:: EXTRACTED DATA ::

—————

(* Let $n \ge 2$, let $A$ be an $n \times n$ real matrix with $\mathrm{Tr}(AA^t) = n$, let $O$ be distributed according to Haar measure on $O(n,\mathbb{R})$, and let $W = \mathrm{Tr}(AO)$. Let $f:\mathbb{R}\to\mathbb{R}$ be a twice differentiable function with bounded second derivative. Then \[ \mathbb{E}[f'(W) - Wf(W)] = \mathbb{E}\left[ \frac{p_2(AO) - 1}{n-1} f'(W) \right], \] where $p_2(AO) = \mathrm{Tr}((AO)^2)$. *)

From HB Require Import structures.
From mathcomp Require Import all_boot all_order all_algebra.
From mathcomp Require Import all_classical all_reals all_analysis.
Set Implicit Arguments. Unset Strict Implicit. Unset Printing Implicit Defensive.
Import Order.TTheory GRing.Theory Num.Theory.
Import numFieldNormedType.Exports.
Local Open Scope ring_scope.

Definition orthogonal_mx (R : realType) (n : nat) (M : 'M[R]_n) : Prop :=
  M *m M^T = 1%:M.

(* O : T -> 'M[R]_n is a random matrix on the probability space (T, P)
   distributed according to Haar measure on O(n, R): O takes values in O(n),
   its entries are measurable, and its law is invariant under left
   multiplication by any orthogonal matrix (invariance of the law is stated
   through expectations of all bounded continuous test functions, which
   determine a Borel law on the metric space of matrices). By uniqueness of
   the (normalised) Haar measure this characterises the Haar law. *)
Definition haar_orthogonal (R : realType) (d : measure_display)
    (T : measurableType d) (P : probability T R) (n : nat)
    (O : T -> 'M[R]_n) : Prop :=
  [/\ forall w, orthogonal_mx (O w),
      forall i j, measurable_fun setT (fun w => O w i j) &
      forall U : 'M[R]_n, orthogonal_mx U ->
      forall g : 'M[R]_n -> R, continuous g ->
        (exists M : R, forall x, `|g x| <= M) ->
        (\int[P]_w (g (U *m O w))%:E = \int[P]_w (g (O w))%:E)%E ].

Definition p2 (R : realType) (n : nat) (M : 'M[R]_n) : R := \tr (M *m M).

From HB Require Import structures.
From mathcomp Require Import all_boot all_order all_algebra.
From mathcomp Require Import all_classical all_reals all_analysis.
From mathcomp Require Import ring measurable_realfun.
Import Order.TTheory GRing.Theory Num.Theory.
Import numFieldNormedType.Exports.
Local Open Scope ring_scope.
Local Open Scope classical_set_scope.
Set Implicit Arguments. Unset Strict Implicit. Unset Printing Implicit Defensive.

(* For a skew matrix K with K^3 = -K the matrices
   R(t) = 1 + sin t K + (1 - cos t) K^2 form a one-parameter group of
   rotations, so by Haar invariance E[f(Tr(A R(t) O)) Tr(A K R(t) O)] does not
   depend on t. Differentiating at t = 0 gives
   E[f(W) Tr(A K^2 O) + f'(W) Tr(A K O)^2] = 0.
   Summing over the skew units K = E_ij - E_ji, the first terms add up to
   -2(n-1) W f(W) and, since Tr(A A^t) = n, the second ones to
   2(n - p_2(AO)) f'(W); dividing by 2(n-1) gives the identity. *)

Section rotation_path.
Variable R : realType.

(* [rot_path a al be t] is Tr(C R(t) M) when a, al, be are the traces of
   C M, C K M and C K^2 M (see [mxtrace_mul_rot_mx]). *)
Definition rot_path (a al be t : R) := a + al * sin t + be * (1 - cos t).
Definition rot_path1 (al be t : R) := al * cos t + be * sin t.

Lemma is_derive_rot_path (a al be t : R) :
  is_derive t 1 (rot_path a al be) (rot_path1 al be t).
Proof.
have -> : rot_path a al be = cst a + al \*: sin + be \*: (cst 1 - cos).
  by apply/funext => s; rewrite /rot_path.
by apply: is_derive_eq; rewrite /rot_path1 add0r sub0r opprK.
Qed.

Lemma is_derive_rot_path1 (al be t : R) :
  is_derive t 1 (rot_path1 al be) (rot_path1 be (- al) t).
Proof.
have -> : rot_path1 al be = al \*: cos + be \*: sin by apply/funext.
by apply: is_derive_eq; rewrite /rot_path1 scalerN -mulNr addrC.
Qed.

Lemma rot_path0 (a al be : R) : rot_path a al be 0 = a.
Proof. by rewrite /rot_path sin0 cos0 subrr !mulr0 !addr0. Qed.

Lemma rot_path10 (al be : R) : rot_path1 al be 0 = al.
Proof. by rewrite /rot_path1 sin0 cos0 mulr0 mulr1 addr0. Qed.

Lemma rot_path_opp (al be t : R) : rot_path al be (- al) t = rot_path1 al be t.
Proof. by rewrite /rot_path /rot_path1; ring. Qed.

—————

:: TASK OBJECTIVE ::
Could you repeat exactly the lines in the listing above from the one with "have -> : rot_path1" down to the one with "Lemma rot_path10 (al"? Include both of those lines.

:: RESULT FOR THIS TASK ::
have -> : rot_path1 al be = al \*: cos + be \*: sin by apply/funext.
by apply: is_derive_eq; rewrite /rot_path1 scalerN -mulNr addrC.
Qed.

Lemma rot_path0 (a al be : R) : rot_path a al be 0 = a.
Proof. by rewrite /rot_path sin0 cos0 subrr !mulr0 !addr0. Qed.

Lemma rot_path10 (al be : R) : rot_path1 al be 0 = al.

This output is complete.